Michael Liao via llvm-commits
llvm-commits at lists.llvm.org
Tue Nov 3 17:49:15 PST 2020
Author: Michael Liao
Date: 2020-11-03T20:44:40-05:00
New Revision: 4b1120159274ca98b4a58064b116aba88372ac98
URL: https://github.com/llvm/llvm-project/commit/4b1120159274ca98b4a58064b116aba88372ac98
DIFF: https://github.com/llvm/llvm-project/commit/4b1120159274ca98b4a58064b116aba88372ac98.diff
LOG: [MachineInstr] Add support for instructions with multiple memory operands.
- Basically iterate each pair of memory operands from both instructions
and return true if any of them may alias.
- The exception are memory instructions without any memory operand. They
may touch everything and could alias to any memory instruction.

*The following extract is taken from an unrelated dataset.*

(* Let $t$ be a join node of a rooted nice tree decomposition of the Tanner graph $G$ with children $t_1,t_2$ ($B_t=B_{t_1}=B_{t_2}$). For $R\subseteq B_t^c$, $Q\subseteq B_t^v$ let $$F_t(R,Q)=\min\{f_{t_1}(R_1,Q)+f_{t_2}(R_2,Q)-|Q|\},\qquad G_t(R,Q)=\sum g_{t_1}(R_1,Q)\,g_{t_2}(R_2,Q),$$ where the minimum is over all pairs $(R_1,R_2)$ of subsets of $B_t^c$ with $R=R_1\oplus R_2\oplus\Gamma_o(G_t[Q\cup B_t^c])$, and the sum is over those pairs attaining the minimum. Then for all $R\subseteq B_t^c$, $Q\subseteq B_t^v$: if $Q\neq\emptyset$, $f_t(R,Q)=F_t(R,Q)$ and $g_t(R,Q)=G_t(R,Q)$; if $Q=\emptyset$, $f_t(R,Q)=\min\{F_t(R,Q),f_{t_1}(R,Q),f_{t_2}(R,Q)\}$ and $$g_t(R,Q)=\mathbb 1_{f_t(R,Q)=F_t(R,Q)}G_t(R,Q)+\mathbb 1_{f_t(R,Q)=f_{t_1}(R,Q)}g_{t_1}(R,Q)+\mathbb 1_{f_t(R,Q)=f_{t_2}(R,Q)}g_{t_2}(R,Q),$$ where $\mathbb 1_{x=y}$ is $1$ if $x=y$ and $0$ otherwise (whenever the minimum value is finite).
   Context: $G=(\mathcal L\cup\mathcal R,E)$ is a Tanner graph (bipartite, variable nodes $\mathcal L$, check nodes $\mathcal R$). For a subgraph $H$ of $G$ and $S\subseteq\mathcal L$ in $H$, $H[S]$ is the subgraph of $H$ induced by $S$ together with its neighbours in $H$; for $L\subseteq\mathcal L$, $R\subseteq\mathcal R$, $H[L\cup R]$ is the subgraph of $H$ induced on the vertex set $L\cup R$. $\Gamma_o(\cdot)$ is the set of odd-degree check nodes in the indicated subgraph; $\oplus$ is symmetric difference. A trapping set is a nonempty subset of $\mathcal L$. A rooted nice tree decomposition $(T,(B_t))$ is a rooted tree decomposition (every vertex and edge lies in some bag; bags containing a given vertex form a connected subtree) where every node has at most two children, root and leaves have empty bags, a node with two children (join node) has the same bag as each child, and a node $t$ with one child $t'$ has $B_t=B_{t'}\cup\{v\}$ or $B_t=B_{t'}\setminus\{v\}$. For a node $t$: $B_t^c=B_t\cap\mathcal R$, $B_t^v=B_t\cap\mathcal L$; $G_t$ is the subgraph of $G$ induced on the union of the bags of all descendants of $t$ (including $t$); $\mathcal L(G_t)$ is its set of variable nodes. A trapping set $S$ has parameters $(R,Q)$ in $G_t$ ($R\subseteq B_t^c$, $Q\subseteq B_t^v$) if $S\subseteq\mathcal L(G_t)$, $S\cap B_t^v=Q$, and $\Gamma_o(G_t[S])=R$. $f_t(R,Q)$ is the minimum size of a trapping set with parameters $(R,Q)$ in $G_t$ ($+\infty$ if none exists), and $g_t(R,Q)$ is the number of trapping sets with parameters $(R,Q)$ in $G_t$ of size $f_t(R,Q)$ ($0$ if none exists). *)

From mathcomp Require Import all_boot.
Set Implicit Arguments. Unset Strict Implicit. Unset Printing Implicit Defensive.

Differential Revision: https://reviews.llvm.org/D89447
Added:
Modified:
llvm/include/llvm/CodeGen/TargetInstrInfo.h
llvm/lib/CodeGen/MachineInstr.cpp
llvm/test/CodeGen/AArch64/merge-store-dependency.ll
llvm/test/CodeGen/ARM/big-endian-neon-fp16-bitconv.ll
llvm/test/CodeGen/Thumb2/mve-float32regloops.ll
llvm/test/CodeGen/Thumb2/mve-phireg.ll
llvm/test/CodeGen/Thumb2/mve-vst3.ll
llvm/test/CodeGen/Thumb2/umulo-128-legalisation-lowering.ll
llvm/test/CodeGen/X86/store_op_load_fold2.ll
Removed:
################################################################################
diff --git a/llvm/include/llvm/CodeGen/TargetInstrInfo.h b/llvm/include/llvm/CodeGen/TargetInstrInfo.h
index 5d5a6efab220..68fc129cc0ed 100644
--- a/llvm/include/llvm/CodeGen/TargetInstrInfo.h
+++ b/llvm/include/llvm/CodeGen/TargetInstrInfo.h
@@ -1737,6 +1737,21 @@ class TargetInstrInfo : public MCInstrInfo {
return 5;
}
+ /// Return the maximal number of alias checks on memory operands. For
+ /// instructions with more than one memory operands, the alias check on a
+ /// single MachineInstr pair has quadratic overhead and results in
+ /// unacceptable performance in the worst case. The limit here is to clamp
+ /// that maximal checks performed. Usually, that's the product of memory
+ /// operand numbers from that pair of MachineInstr to be checked. For
+ /// instance, with two MachineInstrs with 4 and 5 memory operands
+ /// correspondingly, a total of 20 checks are required. With this limit set to
+ /// 16, their alias check is skipped. We choose to limit the product instead
+ /// of the individual instruction as targets may have special MachineInstrs
+ /// with a considerably high number of memory operands, such as `ldm` in ARM.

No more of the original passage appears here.